=== What you should do ===
Among the entries below, one line contains "(size z)) z)" and another contains "Definition lz_fixed_misses (N". Transcribe those two lines and every line between them, exactly.

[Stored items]
BEGIN
(* expected hits of the LZ prefetcher: at round t with current node v, the
   Sage copy of v has seen the requests of the earlier rounds at which v was current *)
Definition lz_hits (R : realType) (N C : nat) (eta : seq 'I_N -> R) (x : seq 'I_N) : R :=
  let z := zip (lz_states x) x in
  \sum_(p <- zip (iota 0 (size z)) z)
     hit_prob C (sage_marg C eta [seq q.2 | q <- take p.1 z & q.1 == p.2.1]) p.2.2.

Definition lz_fixed_misses (N : nat) (g : seq 'I_N -> {set 'I_N}) (x : seq 'I_N) : nat :=
  count (fun p : seq 'I_N * 'I_N => p.2 \notin g p.1) (zip (lz_states x) x).

Definition is_LZ_offline_min (N C : nat) (x : seq 'I_N) (L : nat) : Prop :=
  (exists2 g : seq 'I_N -> {set 'I_N}, (forall v, #|g v| = C) & lz_fixed_misses g x = L) /\
  (forall g : seq 'I_N -> {set 'I_N}, (forall v, #|g v| = C) -> (L <= lz_fixed_misses g x)%N).

(* state at round t: (x_{t-1}, ..., x_{t-k}) (only the available ones for t <= k) *)
Definition markov_states (N k : nat) (x : seq 'I_N) : seq (seq 'I_N) :=
  [seq take k (rev (take t x)) | t <- iota 0 (size x)].

Definition markov_hits (N k : nat) (f : seq 'I_N -> {set 'I_N}) (x : seq 'I_N) : nat :=
  count (fun p : seq 'I_N * 'I_N => p.2 \in f p.1) (zip (markov_states k x) x).

From HB Require Import structures.
From mathcomp Require Import all_boot all_order all_algebra.
From mathcomp Require Import all_classical all_reals all_analysis.
From mathcomp Require Import zify ring lra.
Set Implicit Arguments. Unset Strict Implicit. Unset Printing Implicit Defensive.
Import Order.TTheory GRing.Theory Num.Theory.

(* The LZ prefetcher runs an independent copy of Sage at every node of the
   parse tree, so its regret against the offline prefetcher caching a fixed set
   at each node is the sum of the per-node Sage regrets; by Cauchy-Schwarz over
   the at most c(T) visited nodes these add up to delta(c(T), L).  A k-th order
   Markov prefetcher f is beaten by the node prefetcher v |-> f (last k symbols
   of v) except when the two states differ: the current node is a suffix of the
   history, so this only happens at depth < k, at most k times per phrase, hence
   at most k c(T) times. *)

Lemma take_rev_suffix (T : eqType) k (v h : seq T) : suffix v h -> (k <= size v)%N ->
  take k (rev h) = take k (rev v).
Proof. by move=> /suffixP[w ->] kv; rewrite rev_cat takel_cat ?size_rev. Qed.

Section LempelZivTree.
Variable N : nat.
Implicit Types (st : seq (seq 'I_N) * seq 'I_N) (s h x : seq 'I_N).
Lemma pD_signed_refl b c phi p : derivable phi (yrefl p) (dir R c) ->
  derivable (signed_refl b phi) p (dir R c) /\
  pD c (signed_refl b phi) p = signed_refl (b (+) c) (pD c phi) p.
Proof.
move=> dphi.
have [dphiR pDphiR] : derivable (phi \o yrefl) p (dir R c) /\
    'D_(dir R c) (phi \o yrefl) p = (-1) ^+ c * 'D_(dir R c) phi (yrefl p).
  rewrite (derivable_comp_linear _ _ _ _ linear_yrefl).
  rewrite (derive_comp_linear _ _ _ _ linear_yrefl) yrefl_dir.
  case: c dphi => /= dphi; last by rewrite mul1r.
  by rewrite derive_oppv // mulN1r; split => //; exact: derivable_oppv.
split; first exact: derivableZ.
rewrite /pD (_ : signed_refl b phi = (-1) ^+ b *: (phi \o yrefl)) // deriveZ // pDphiR.
by rewrite /signed_refl signr_addb -mulrA.
Qed.

Lemma iterD_signed_refl b phi :
  (forall s c p, derivable (Defs.iterD s phi) p (dir R c)) ->
  forall s, Defs.iterD s (signed_refl b phi) =
            signed_refl (b (+) odd (count id s)) (Defs.iterD s phi).
Proof.
move=> dphi; elim=> [|c s IHs] /=; first by rewrite addbF.
apply/funext => p; rewrite IHs.
have [_ ->] := pD_signed_refl (b (+) odd (count id s)) _ _ _ (dphi s c (yrefl p)).
by rewrite oddD oddb [c (+) _]addbC addbA.
Qed.
End SignedReflection.

Section SignedReflectionOnOmega.
Context {R : realType}.
Local Notation plane := (measurableTypeR R * measurableTypeR R)%type.
Local Notation mu := (@mu2 R).
Implicit Types (l : R) (b : bool) (v phi : R * R -> R).

Lemma measurable_Om l : measurable (Om l : set plane).
Proof.
rewrite (_ : Om l = `]0, pi[%classic `*` `](- l), l[%classic); last first.
  by apply/seteqP; split => -[x y]; rewrite /Om /= !in_itv.
by apply: measurableX; exact: measurable_itv.
Qed.

Lemma Om_yrefl l : yrefl @^-1` Om l = Om l.
Proof.
apply/seteqP; split => -[x y]; rewrite /Om /yrefl /= => -[? /andP[y1 y2]];
  by split => //; apply/andP; split; lra.
Qed.

Lemma Omc_yrefl l p : Omc l p -> Omc l (yrefl p).
Proof.
by case: p => x y; rewrite /Omc /yrefl /= => -[? /andP[y1 y2]]; split => //; apply/andP; split; lra.
Qed.

Lemma Rintegral_signed_refl l b (G : R * R -> R) : measurable_fun (Om l) G ->
  \int[mu]_(p in Om l) signed_refl b G p = (-1) ^+ b * \int[mu]_(p in Om l) G p.
Proof.
move=> mG; rewrite -(Rintegral_yrefl _ (measurable_Om l) (Om_yrefl l) _ mG).
case: b; rewrite /signed_refl /= ?expr1 ?expr0.
  by under eq_fun do rewrite mulN1r; rewrite RintegralN mulN1r.
by under eq_fun do rewrite mul1r; rewrite mul1r.
Qed.

Lemma measurable_fun_signed_refl l b v :
  measurable_fun (Om l) v -> measurable_fun (Om l) (signed_refl b v).
Proof.
move=> mv; apply: measurable_funM; first exact: measurable_cst.
exact: (measurable_fun_yrefl _ (measurable_Om l) (Om_yrefl l)).
Qed.

Lemma continuous_signed_refl b v : continuous v -> continuous (signed_refl b v).
Proof.
move=> cv p; apply: (@continuousM _ _ (cst ((-1) ^+ b)) (v \o yrefl)).
  exact: cst_continuous.
exact: continuous_comp (continuous_yrefl p) (cv _).
Qed.

Lemma continuous_within_signed_refl l b v :
  {within Omc l, continuous v} -> {within Omc l, continuous (signed_refl b v)}.
Proof.
move=> /(continuous_within_yrefl _ _ (@Omc_yrefl l)) cv.
rewrite (_ : signed_refl b v = fun p => (-1) ^+ b * (v \o yrefl) p + 0); last first.
  by apply/funext => p; rewrite addr0.
apply: continuous_within_lincomb cv _.
by apply: continuous_subspaceT; exact: cst_continuous.
Qed.

Lemma test_fun_signed_refl l b phi : test_fun l phi -> test_fun l (signed_refl b phi).
Proof.
move=> [dphi [cphi [K [cK [KOm phiK]]]]]; split; [|split].
- move=> s c p; rewrite (iterD_signed_refl _ _ dphi).
  exact: (pD_signed_refl _ _ _ _ (dphi s c (yrefl p))).1.
- by move=> s; rewrite (iterD_signed_refl _ _ dphi); exact: continuous_signed_refl.
exists (yrefl @` K); split; [|split].
- by apply: continuous_compact => //; apply: continuous_subspaceT; exact: continuous_yrefl.
- by move=> _ [q Kq <-]; rewrite -[Om l](Om_yrefl l) /= yreflK; exact: KOm.
- move=> p Kp; rewrite /signed_refl phiK ?mulr0 // => Kyp; apply: Kp.
  by exists (yrefl p); rewrite ?yreflK.
Qed.
End SignedReflectionOnOmega.

Section WeakDerivatives.
Context {R : realType}.
Local Notation mu := (@mu2 R).
Implicit Types (l : R) (b c : bool) (v w g : R * R -> R).

Lemma signed_reflM b c v w :
  (fun p => signed_refl b v p * signed_refl c w p) = signed_refl (b (+) c) (fun p => v p * w p).
Proof. by apply/funext => p; rewrite /signed_refl signr_addb mulrACA. Qed.

Lemma weak_deriv_signed_refl l b v a g :
  measurable_fun (Om l) v -> measurable_fun (Om l) g -> weak_deriv l v a g ->
  weak_deriv l (signed_refl b v) a (signed_refl (b (+) odd (count id a)) g).
Proof.
move=> mv mg vg phi /(test_fun_signed_refl _ false) tpsi.
move: (signed_refl false phi) tpsi (signed_reflK false phi) => psi tpsi <-.
have [dpsi [cpsi _]] := tpsi.
have mpsi s : measurable_fun (Om l) (Defs.iterD s psi).
  exact: continuous_measurable_fun_plane.
rewrite (iterD_signed_refl _ _ dpsi) signed_reflM addFb.
rewrite Rintegral_signed_refl; last exact: measurable_funM.
rewrite (vg psi tpsi) signed_reflM addbF Rintegral_signed_refl; last first.
  exact: measurable_funM (mpsi [::]).
by rewrite mulrCA signr_addb -mulrA.
Qed.
End WeakDerivatives.
Lemma sum_actAt_dP2_invariant M p q : \sum_i actAt M i (dP p (dP q f))
  = (n%:R * (\tr M / N%:R)) *: dP p (dP q f)
  + \sum_s (ad_coord M q s *: dP p (dP s f) + (ad_coord M p s *: dP q (dP s f)
              + mulP (ad_field M s) (dP p (dP q (dP s f))))).
Proof.
under eq_bigr=> i _ do rewrite actAt_dP.
rewrite -dP_sumr sum_actAt_dP_invariant linearD linearZ /= dP_sumr; congr (_ + _).
apply: eq_bigr=> s _.
by rewrite linearD linearZ /= dP_mulP mderiv_ad_field mulP_mpolyC.
Qed.

Lemma sum_actAt_quadratic :
  \sum_q \sum_r mulP ('X_q * 'X_r) (\sum_i actAt (b q *m b r) i f)
  = (n%:R / N%:R) *: \sum_q mulP ('X_q * 'X_q) f.
Proof.
under eq_bigr=> q _ do under eq_bigr=> r _ do
  rewrite sum_actAt_invariant b_orthonormal linearD linearZ /=.
under eq_bigr=> q _ do rewrite big_split /=.
rewrite big_split /= sum_kronecker [X in _ + X](_ : _ = 0) ?addr0 //.
under eq_bigr=> q _ do under eq_bigr=> r _ do
  (rewrite mulP_sumr; under eq_bigr=> p _ do rewrite mulPM).
rewrite exchange_big3 big1 // => p _.
under eq_bigr=> q _ do rewrite -mulP_suml.
by rewrite -mulP_suml sum_cubic_ad_field mulP0l.
Qed.

Lemma fop_eq : fop b f = (n%:R / N%:R) *: Fop f.
Proof.
rewrite /fop /Fop; under eq_bigr=> i _ do rewrite xop_sqr.
rewrite exchange_big /=; under eq_bigr=> q _ do rewrite exchange_big /=.
under eq_bigr=> q _ do under eq_bigr=> r _ do rewrite -mulP_sumr.
by rewrite sum_actAt_quadratic !scalerA mulrC.
Qed.

Lemma sum_actAt_dP2 :
  \sum_p \sum_q \sum_i actAt (b p *m b q) i (dP p (dP q f))
  = (n%:R / N%:R) *: \sum_p dP p (dP p f).
Proof.
under eq_bigr=> p _ do under eq_bigr=> q _ do
  (rewrite sum_actAt_dP2_invariant b_orthonormal;
   under eq_bigr=> s _ do rewrite addrA; rewrite big_split /= addrA).
under eq_bigr=> p _ do rewrite !big_split /=.
rewrite !big_split /= sum_kronecker.
rewrite (sum_ad_coord_sym b (D := fun p s => dP p (dP s f))) ?addr0; last first.
  by move=> p s; rewrite dP_comm.
rewrite [X in _ + X](_ : _ = 0) ?addr0 //.
under eq_bigr=> p _ do under eq_bigr=> q _ do under eq_bigr=> s _ do
  (rewrite mulP_suml; under eq_bigr=> t _ do rewrite mulPZl).
under eq_bigr=> p _ do rewrite exchange_big3.
rewrite exchange_big /= big1 // => t _.
apply: (sum_ad_coord_cyclic b (E := fun p q s => mulP 'X_t (dP p (dP q (dP s f))))).
by move=> p q s; rewrite dP_comm [dP p (dP s f)]dP_comm.
Qed.

Lemma eop_eq : eop b f = (N%:R / n%:R) *: Eop f.
Proof.
rewrite /eop /Eop; under eq_bigr=> i _ do rewrite yop_sqr.
rewrite -scaler_sumr exchange_big /=; under eq_bigr=> p _ do rewrite exchange_big /=.
rewrite sum_actAt_dP2 !scalerA; congr (_ *: _).
by field; rewrite !natr_gt0_neq0.
Qed.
END
=== Answer space ===
  \sum_(p <- zip (iota 0 (size z)) z)
     hit_prob C (sage_marg C eta [seq q.2 | q <- take p.1 z & q.1 == p.2.1]) p.2.2.

Definition lz_fixed_misses (N : nat) (g : seq 'I_N -> {set 'I_N}) (x : seq 'I_N) : nat :=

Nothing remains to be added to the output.